La pandemia ci ha colto tutti di sorpresa. I piccoli passi a tutela dell’ambiente fatti finora sembrano vanificati. Stiamo combattendo strenuamente per vincere la guerra contro un virus che ha portato via le nostre vite di sempre, ma non riusciamo a vedere quanto la salute del mondo sia altrettanto in pericolo.
Quando potremo finalmente deporre le armi contro il Covid infatti, potrebbe essere già troppo tardi.
Tuttavia, la ripartenza delle attività più duramente colpite dalla pandemia potrebbe essere l’ultima opportunità che abbiamo per arginare gli effetti collaterali dell’inquinamento dalla plastica.
Il turismo probabilmente è uno di quei settori dove possiamo fare di più, dove fin da subito e con pochi ma importanti accorgimenti potremo vedere i primi risultati. Possiamo quindi tornare a parlare di turismo sostenibile anche dopo la pandemia a patto che, come sempre, tutti facciano la loro parte.
Cosa è stato fatto fino ad ora?
Alla vigilia della stagione estiva 2020, l’ONU ha dato un segnale in questo senso. Con la Global Tourism Plastics Initiative, il settore turistico è stato coinvolto attivamente nella lotta all’l’inquinamento da rifiuti sanitari. L’iniziativa era guidata dal Programma Ambientale delle Nazioni Unite (UNEP) e dall’Organizzazione Mondiale del Turismo (UNWTO) in collaborazione con la Fondazione Ellen MacArthur.
L’unione di queste forze, ha portato a stilare un serie di raccomandazioni utili alla causa:
- ridurre l’impatto della plastica;
- coinvolgere e responsabilizzare i fornitori;
- ottimizzare i processi di smaltimento;
- garantire una comunicazione continua e trasparente sia con il personale che con gli ospiti durante e dopo la pandemia.
Le maggiori compagnie turistiche globali quali Accor, Club Med, Iberostar Group e Melco Resorts hanno accolto l’invito e sono diventate firmatarie ufficiali dell’iniziativa. Le quattro organizzazioni si sono unite ad altri venti firmatari, impegnandosi pubblicamente ad eliminare la plastica monouso non necessaria, prediligendo l’uso di imballaggi e articoli in plastica riciclabili o compostabili. Il loro impegno prevede anche il sostegno continuo verso un’economia circolare della plastica, basato sul recupero e il corretto smaltimento.
Favia e il suo tubetto in alluminio che punta all’impatto zero
Ora che le aziende turistiche hanno accolto positivamente l’iniziativa, restano da coinvolgere le aziende produttrici di dispositivi per la protezione individuale monouso (ove possibile).

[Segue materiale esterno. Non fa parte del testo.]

Lemma uf_open_sharp : uf_open A = sharp_open A.
Proof.
have sharp_uf : sharp_open A `<=` uf_open A.
  apply: gen_topology_min; first exact: uf_open_topology.
  by move=> U [F Ffin [->|->]]; [exact: (uf_open_Bset Ffin).1 | exact: (uf_open_Bset Ffin).2].
apply/seteqP; split => //.
apply: qcompact_hausdorff_coarser_sub sharp_uf uf_open_qcompact sharp_hausdorff.
exact: gen_topology_is_topology.
Qed.

Lemma uf_finer_zariski : finer (uf_open A) (zariski_open A).
Proof.
apply: basis_topology_min; first exact: uf_open_topology.
by move=> _ [F Ffin ->]; exact: (uf_open_Bset Ffin).1.
Qed.

Lemma zariski_qcompact_Bset (F : set K) : finite_set F ->
  qcompact (zariski_open A) (Bset A F).
Proof.
move=> Ffin cov cov_open; apply: qcompact_closed uf_open_qcompact (uf_open_Bset Ffin).2 _ _.
by move=> W /cov_open; exact: uf_finer_zariski.
Qed.

(* A quasi-compact Zariski open set is a finite union of sets B_F. *)
Lemma zariski_qcompact_sharp_clopen (W : set Z) : zariski_open A W ->
  qcompact (zariski_open A) W -> sharp_open A W /\ sharp_open A (~` W).
Proof.
move=> Wopen Wcpt; split; first by rewrite -uf_open_sharp; exact: uf_finer_zariski.
have [|x Wx|fin [fin_finite fin_sub] fin_cov] :=
  Wcpt [set B | Bfin A B /\ B `<=` W].
- by move=> _ [[F Ffin ->] _]; exact: zariski_open_Bset.
- by have [B Bfin [Bx BW]] := Wopen x Wx; exists B.
have -> : ~` W = \bigcap_(B in fin) ~` B.
  rewrite -setC_bigcup; congr (~` _); apply/seteqP; split => [x /fin_cov //|x [B finB]].
  by have [_ /(_ x)] := fin_sub B finB.
apply: topology_bigcap => // [|B finB]; first exact: gen_topology_is_topology.
by have [[F Ffin ->] _] := fin_sub B finB; exact: (sharp_open_Bset Ffin).2.
Qed.

Lemma sharp_open_gen_zariski :
  sharp_open A =
    gen_topology_closed
      [set C | closed_in (zariski_open A) C \/
               (zariski_open A C /\ qcompact (zariski_open A) C)].
Proof.
apply: gen_topology_eq.
  move=> U [F Ffin [->|->]]; apply: gen_topology_sub.
    exists (~` Bset A F); last by rewrite setCK.
    by left; rewrite /closed_in setCK; exact: zariski_open_Bset.
  by exists (Bset A F) => //; right; split;
    [exact: zariski_open_Bset | exact: zariski_qcompact_Bset].
move=> U [C [Cclosed|[Copen Ccpt]] ->].
  by rewrite -/(sharp_open A) -uf_open_sharp; exact: uf_finer_zariski.
exact: (zariski_qcompact_sharp_clopen Copen Ccpt).2.
Qed.

Lemma sharp_open_gen_Bset :
  sharp_open A =
    gen_topology_closed
      [set C | (exists2 F : set K, finite_set F & C = Bset A F) \/
               (exists GG : set (set K), (forall G, GG G -> finite_set G) /\
                  C = \bigcap_(G in GG) ~` Bset A G)].
Proof.
apply: gen_topology_eq.
  move=> U [F Ffin [->|->]]; apply: gen_topology_sub.
    exists (\bigcap_(G in [set F]) ~` Bset A G); last by rewrite bigcap_set1 setCK.
    by right; exists [set F]; split => // G ->.
  by exists (Bset A F) => //; left; exists F.
move=> U [C [[F Ffin ->]|[GG [GGfin ->]]] ->]; first exact: (sharp_open_Bset Ffin).2.
rewrite -/(sharp_open A) setC_bigcap.
apply: topology_open_local; first exact: gen_topology_is_topology.
move=> V [G GGG nGV]; exists (Bset A G); first exact: (sharp_open_Bset (GGfin G GGG)).1.
by rewrite setCK in nGV; split => // W BW; exists G => //; rewrite setCK.
Qed.
(* Let $F=P_{\ell_1}\cup\cdots\cup P_{\ell_k}$ be a linear forest with $\ell_1\ge\cdots\ge\ell_k\ge2$, $\ell_i\neq3$ for all $i$, and $F$ not of the form $kP_5$. Let $G$ be a graph containing disjoint vertex sets $X,Y$ with $|X|=\delta_F$ and $|Y|\ge |F|-\delta_F$ such that every vertex of $X$ is adjacent to every vertex of $Y$. Then $G$ contains $F$ as a subgraph provided one of the following holds: (a) some $\ell_i$ is even and $G-(X\cup Y)$ contains an edge $v_1v_2$ such that $v_1$ is adjacent to some vertex $x_1\in X$; (b) every $\ell_i$ is odd and $G-(X\cup Y)$ contains a path $v_1v_2v_3$ such that $v_1$ is adjacent to some vertex $x_1\in X$; (c) every $\ell_i$ is odd and $G-(X\cup Y)$ contains two vertex-disjoint edges $v_1v_2$, $v_3v_4$ such that $v_1x_1$ and $v_3x_2$ are edges of $G$ for some distinct $x_1,x_2\in X$.
   Context: $P_m$ is the path on $m$ vertices; $kP_5$ denotes $k$ disjoint copies of $P_5$. $|F|=\sum\ell_i$ and $\delta_F=\sum_{i=1}^k\lfloor \ell_i/2\rfloor-1$. For $S\subseteq V(G)$, $G-S$ is the graph obtained by deleting the vertices of $S$. *)

From mathcomp Require Import all_boot.
Set Implicit Arguments. Unset Strict Implicit. Unset Printing Implicit Defensive.

(* A (finite simple) graph is a symmetric irreflexive relation [e : rel T]
   on a finite vertex type [T].  A linear forest F = P_{l_1} u ... u P_{l_k}
   is encoded by the list [ls = [:: l_1; ...; l_k]] of its path orders. *)

Definition forest_order (ls : seq nat) : nat := sumn ls.

Definition delta_F (ls : seq nat) : nat := sumn [seq l./2 | l <- ls] - 1.

(* G contains F as a subgraph: an injective map from V(F) = {(i,j) | i < k, j < l_i}
   to V(G) sending every path edge (i,j)(i,j+1) to an edge of G. *)
Definition contains_linear_forest (T : finType) (e : rel T) (ls : seq nat) : Prop :=
  exists f : nat -> nat -> T,
    (forall i j i' j', i < size ls -> j < nth 0 ls i ->
       i' < size ls -> j' < nth 0 ls i' -> f i j = f i' j' -> i = i' /\ j = j')
    /\ (forall i j, i < size ls -> j.+1 < nth 0 ls i -> e (f i j) (f i j.+1)).

From mathcomp Require Import all_boot.
From mathcomp Require Import zify.

(* A path P_l alternating between the complete bipartite classes Y and X,
   starting in Y, uses uphalf l vertices of Y and l./2 vertices of X.
   Doing this for every component would need sum_i l_i./2 = delta_F + 1
   vertices of X, one more than |X| provides, while |Y| >= |F| - delta_F
   leaves one spare vertex of Y.  The extra structure outside X u Y saves
   the missing X-vertex: one component is realised as a "frame" path
     pre ++ [y x y ... x y] ++ suf,
   where pre and suf consist of outside vertices and of one or two
   distinguished X-vertices, and the middle alternates between Y and X; in
   the even case with l = 2 the outside edge v1v2 is itself a component.
   All other components are zigzag paths drawn from the unused parts of X
   and Y. *)

Section Interleave.
Variable T : eqType.
Implicit Types s t : seq T.

Fixpoint interleave s t : seq T :=
  match s, t with
  | x :: s', y :: t' => x :: y :: interleave s' t'
  | x :: _, [::] => [:: x]
  | [::], _ => [::]
  end.

Lemma perm_interleave s t :
  size t <= size s <= (size t).+1 -> perm_eq (interleave s t) (s ++ t).
Proof.
elim: s t => [|x s IH] [|y t] //=; first by case: s {IH}.
rewrite !ltnS => /IH perm_st; rewrite perm_cons perm_sym -cat1s perm_catCA /=.
by rewrite perm_cons perm_sym.
Qed.

Variable e : rel T.
Hypothesis e_sym : symmetric e.

Lemma path_interleave z s t :
  {in s, forall y, e z y} -> {in s & t, forall y x, e y x} ->
  path e z (interleave s t).
Proof.
elim: s t z => [|y s IH] [|x t] z //= z_s st; rewrite z_s ?mem_head //=.
rewrite st ?mem_head //=; apply: IH => [w w_s | w u w_s u_t].
- by rewrite e_sym st // ?mem_head // inE w_s orbT.
- by rewrite st // inE ?w_s ?u_t orbT.
Qed.

Lemma sorted_interleave s t :
  {in s & t, forall y x, e y x} -> sorted e (interleave s t).
Proof.
case: t => [|x t] st; first by case: s st => [|y []].
apply: (@path_sorted _ _ x); apply: path_interleave => // y y_s.
by rewrite e_sym st ?mem_head.
Qed.

Lemma sorted_frame pre suf s t :
  size s = (size t).+1 -> {in s & t, forall y x, e y x} ->
  {in s, forall y, sorted e (pre ++ y :: suf)} ->
  sorted e (pre ++ interleave s t ++ suf).
Proof.
elim: t s pre => [|x t IH] [|y s] pre //= [size_s] st frame.
  by case: s size_s frame {st} => // _ /(_ y (mem_head _ _)).
rewrite -[y :: _]/([:: y; x] ++ _) catA; apply: IH => // [w u w_s u_t | w w_s].
  by rewrite st // inE ?w_s ?u_t orbT.
have w_ys : w \in y :: s by rewrite inE w_s orbT.
have := frame y (mem_head _ _); have := frame w w_ys.
rewrite -catA /= !sorted_cat_cons /= => /andP[_ ->] /andP[-> _].
by rewrite st ?mem_head // e_sym st ?mem_head.
Qed.

End Interleave.

Arguments interleave {T} s t.

(* A linear forest is found as a list of vertex-disjoint paths: the embedding
   sends the j-th vertex of the i-th component to the j-th vertex of the
   i-th path; [x0] only serves as a default vertex for [nth]. *)
Section PathSystems.
Variables (T : finType) (e : rel T) (x0 : T).

Lemma nth_flatten_mem {ps : seq (seq T)} {i j : nat} :
  i < size ps -> j < size (nth [::] ps i) -> nth x0 (nth [::] ps i) j \in flatten ps.
Proof. by move=> lt_i lt_j; apply/flattenP; exists (nth [::] ps i); apply: mem_nth. Qed.

Lemma nth_paths_inj (ps : seq (seq T)) i j i' j' :
  uniq (flatten ps) ->
  i < size ps -> j < size (nth [::] ps i) ->
  i' < size ps -> j' < size (nth [::] ps i') ->
  nth x0 (nth [::] ps i) j = nth x0 (nth [::] ps i') j' -> i = i' /\ j = j'.
Proof.
elim: ps i i' => [|p ps IH] // [|i] [|i'] /=; rewrite cat_uniq => /and3P[p_uniq p_ps ps_uniq].
- move=> _ lt_j _ lt_j' eq_ij; split=> //.
  by apply/eqP; rewrite -(nth_uniq x0 lt_j lt_j' p_uniq) eq_ij.
- move=> _ lt_j lt_i' lt_j' eq_ij; move/hasPn: p_ps => /(_ _ (nth_flatten_mem lt_i' lt_j')).
  by rewrite -eq_ij mem_nth.
- move=> lt_i lt_j _ lt_j' eq_ij; move/hasPn: p_ps => /(_ _ (nth_flatten_mem lt_i lt_j)).
  by rewrite eq_ij mem_nth.
- by move=> lt_i lt_j lt_i' lt_j' /(IH _ _ ps_uniq lt_i lt_j lt_i' lt_j') [-> ->].
Qed.

Lemma forest_of_paths (ps : seq (seq T)) :
  uniq (flatten ps) -> all (sorted e) ps -> contains_linear_forest e (map size ps).
Proof.
move=> ps_uniq ps_sorted; exists (fun i j => nth x0 (nth [::] ps i) j); split.
  move=> i j i' j'; rewrite size_map => lt_i; rewrite (nth_map [::]) // => lt_j lt_i'.
  by rewrite (nth_map [::]) //; apply: nth_paths_inj.
move=> i j; rewrite size_map => lt_i; rewrite (nth_map [::]) // => lt_j.
have : sorted e (nth [::] ps i) by apply: (allP ps_sorted); apply: mem_nth.
by move/(sortedP x0); apply.
Qed.
(* For every tree $T=(V,E,w)$ with positive integer costs there exists an optimal extended strategy function $f$ for $T$ such that $|f(v)|=w(v)$ for every $v\in V$.
   Context: Intervals are of the form $[a,b)$ with integers $0\le a<b$, and $|[a,b)|=b-a$. For intervals $I=[a,b)$, $I'=[a',b')$ write $I>I'$ iff $a\ge b'$. An extended strategy function for $T$ is a map $f$ assigning to each vertex $v$ an interval $f(v)$ with $|f(v)|\ge w(v)$, such that for any distinct $v_1,v_2$ with $f(v_1)\cap f(v_2)\ne\emptyset$, the path between $v_1$ and $v_2$ contains a vertex $v_3$ with $f(v_3)>f(v_1)$ and $f(v_3)>f(v_2)$. An extended strategy function $f$ is optimal if $\sup\bigcup_{v\in V}f(v)$ is minimum among all extended strategy functions for $T$. *)

From mathcomp Require Import all_boot.
Set Implicit Arguments. Unset Strict Implicit. Unset Printing Implicit Defensive.

(* A tree: connected and without cycles (a cycle = a duplicate-free closed
   walk on at least 3 vertices). *)
Definition connected_graph (T : finType) (e : rel T) : Prop :=
  forall x y : T, connect e x y.
Definition acyclic_graph (T : finType) (e : rel T) : Prop :=
  forall p : seq T, uniq p -> 3 <= size p -> ~~ cycle e p.
Definition is_tree (T : finType) (e : rel T) : Prop :=
  connected_graph e /\ acyclic_graph e.

Definition on_path (T : finType) (e : rel T) (x y z : T) : Prop :=
  exists p : seq T, [/\ path e x p, last x p = y, uniq (x :: p) & z \in x :: p].

(* Interval [a,b) encoded by the pair (a,b); valid iff a < b. *)
Definition interval := (nat * nat)%type.
Definition ivalid (I : interval) : bool := I.1 < I.2.
Definition ilen (I : interval) : nat := I.2 - I.1.
Definition igt (I J : interval) : bool := J.2 <= I.1.
Definition ioverlap (I J : interval) : bool := (I.1 < J.2) && (J.1 < I.2).

Definition ext_strategy (T : finType) (e : rel T) (w : T -> nat)
    (f : T -> interval) : Prop :=
  [/\ forall v, ivalid (f v),
      forall v, w v <= ilen (f v) &
      forall v1 v2, v1 != v2 -> ioverlap (f v1) (f v2) ->
        exists v3, [/\ on_path e v1 v2 v3, igt (f v3) (f v1) & igt (f v3) (f v2)]].

(* sup of the union of the intervals [a,b): the largest right endpoint *)
Definition strategy_cost (T : finType) (f : T -> interval) : nat :=
  \max_(v : T) (f v).2.

Definition optimal_ext_strategy (T : finType) (e : rel T) (w : T -> nat)
    (f : T -> interval) : Prop :=
  ext_strategy e w f /\
  forall g, ext_strategy e w g -> strategy_cost f <= strategy_cost g.

From mathcomp Require Import all_boot.
From mathcomp Require Import zify.
From Stdlib Require Import Classical.

Set Implicit Arguments.
Unset Strict Implicit.
Unset Printing Implicit Defensive.

(* Stacking the intervals in pairwise disjoint blocks gives an extended
   strategy function, so an optimal one exists.  Replacing every interval of
   an optimal f by its rightmost w(v) points keeps all right endpoints, hence
   the cost, and remains a strategy: shrinking intervals can only destroy
   overlaps, and since right endpoints are fixed while left endpoints move
   right, every relation f(v3) > f(v) survives. *)

Definition isub (I J : interval) : bool := (J.1 <= I.1) && (I.2 <= J.2).

Lemma ioverlap_sub (I I' J J' : interval) :
  isub I I' -> isub J J' -> ioverlap I J -> ioverlap I' J'.
Proof. by rewrite /isub /ioverlap => /andP[? ?] /andP[? ?] /andP[? ?]; lia. Qed.

Lemma igt_sub (I I' J J' : interval) :
  isub I' I -> isub J' J -> igt I J -> igt I' J'.
Proof. by rewrite /isub /igt => /andP[? ?] /andP[? ?] ?; lia. Qed.

Lemma ext_strategy_sub (T : finType) (e : rel T) (w : T -> nat)
    (f g : T -> interval) :
  ext_strategy e w f -> (forall v, isub (g v) (f v)) ->
  (forall v, ivalid (g v)) -> (forall v, w v <= ilen (g v)) ->
  ext_strategy e w g.
Proof.
move=> [_ _ sep_f] sub_gf valid_g len_g; split=> // v1 v2 ne12 ov12.
have [v3 [on3 gt31 gt32]] :=
  sep_f v1 v2 ne12 (ioverlap_sub (sub_gf v1) (sub_gf v2) ov12).
by exists v3; split=> //; apply: igt_sub (sub_gf _) (sub_gf _) _.
Qed.

Lemma block_ioverlap (M i j : nat) :
  ioverlap (i * M, i * M + M) (j * M, j * M + M) -> i = j.
Proof.
rewrite /ioverlap /= -!mulSnr => /andP[lt_ij lt_ji].
have M_gt0 : 0 < M by case: (posnP M) lt_ij => [->|]; rewrite ?muln0.
by rewrite !ltn_pmul2r // in lt_ij lt_ji; lia.
Qed.

Lemma ext_strategy_exists (T : finType) (e : rel T) (w : T -> nat) :
  exists f, ext_strategy e w f.
Proof.
pose M := (\max_(v : T) w v).+1.
exists (fun v => (enum_rank v * M, enum_rank v * M + M)); split.
- by move=> v; rewrite /ivalid /=; lia.
- by move=> v; rewrite /ilen /= addKn; apply/leqW/leq_bigmax.
- move=> v1 v2 ne12 /block_ioverlap /val_inj /enum_rank_inj eq12.
  by rewrite eq12 eqxx in ne12.
Qed.

Lemma optimal_ext_strategy_exists (T : finType) (e : rel T) (w : T -> nat) :
  exists f, optimal_ext_strategy e w f.
Proof.
have [f0 strat_f0] := ext_strategy_exists e w.
suff: forall n f, ext_strategy e w f -> strategy_cost f <= n ->
    exists f, optimal_ext_strategy e w f by apply; [exact: strat_f0|].
elim=> [|n IHn] f strat_f cost_f.
  by exists f; split=> // g _; apply: leq_trans cost_f _.
have [[g [strat_g lt_gf]] | no_better] :=
  classic (exists g, ext_strategy e w g /\ strategy_cost g < strategy_cost f).
  by apply: (IHn g) => //; rewrite -ltnS (leq_trans lt_gf).
exists f; split=> // g strat_g; rewrite leqNgt; apply/negP=> lt_gf.
by apply: no_better; exists g.
Qed.

Definition shrink_right (T : finType) (w : T -> nat) (f : T -> interval)
    (v : T) : interval :=
  ((f v).2 - w v, (f v).2).

Lemma strategy_cost_shrink_right (T : finType) (w : T -> nat)
    (f : T -> interval) :
  strategy_cost (shrink_right w f) = strategy_cost f.
Proof. by []. Qed.

Lemma ext_strategy_shrink_right (T : finType) (e : rel T) (w : T -> nat)
    (f : T -> interval) :
  (forall v, 0 < w v) -> ext_strategy e w f ->
  ext_strategy e w (shrink_right w f).
Proof.
move=> w_gt0 strat_f; have [_ len_f _] := strat_f.
have len_fv v : w v <= (f v).2 - (f v).1 := len_f v.
apply: ext_strategy_sub strat_f _ _ _ => v;
  rewrite /isub /ivalid /ilen /=; move: (w_gt0 v) (len_fv v); lia.
Qed.

Theorem mainTheorem11 (T : finType) (e : rel T) (w : T -> nat) :
  symmetric e -> irreflexive e -> is_tree e ->
  (forall v, 0 < w v) ->
  exists f : T -> interval,
    optimal_ext_strategy e w f /\ forall v, ilen (f v) = w v.
Proof.
move=> _ _ _ w_gt0.
have [f [strat_f opt_f]] := optimal_ext_strategy_exists e w.
exists (shrink_right w f); split; first split.
- exact: ext_strategy_shrink_right.
- by move=> g strat_g; rewrite strategy_cost_shrink_right; apply: opt_f.
- have [_ len_f _] := strat_f.
  by move=> v; rewrite /ilen /=; move: (len_f v); rewrite /ilen; lia.
Qed.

Favia, azienda leader nella produzione di tubetti in alluminio, è scesa in campo con un progetto che risponde all’esigenza di ridurre l’impatto ambientale del packaging di plastica: un tubetto in alluminio per gel igienizzante mani. L’innovazione sta tutta nelle sue caratteristiche:
- un corpo di alluminio riciclabile al 100% con un processo di riciclo che non ne compromette le qualità, riducendo l’impatto energetico per produzione della materia prima;
- tappo di chiusura realizzabile in plastica riciclabile o in biopolimero
- ecologico, igienico, leggero, comodo da trasportare e completamente personalizzabile;
- zero sprechi grazie al formato a tubetto.
Prospettive future (ma non troppo) nella lotta alla pandemia della plastica
Per affrontare le sfide di sostenibilità durante la pandemia, sono richiesti importanti progressi tecnologici e approcci sostenibili da parte di aziende, governi e dalla comunità scientifica. Le strategie messe in atto in tutto il mondo devono tenere necessariamente conto dell’andamento della pandemia e delle mobilità globale. Le misure sostenibili prese oggi devono essere sfruttate come opportunità per percorrere quanto prima la strada verso un mondo senza inquinamento.
Alcune misure permettono piani d’azione immediati, mentre per altre sarà necessario attendere prima di vedere qualche risultato in tal senso.
E voi cosa ne pensate? Siamo ancora in tempo per reagire?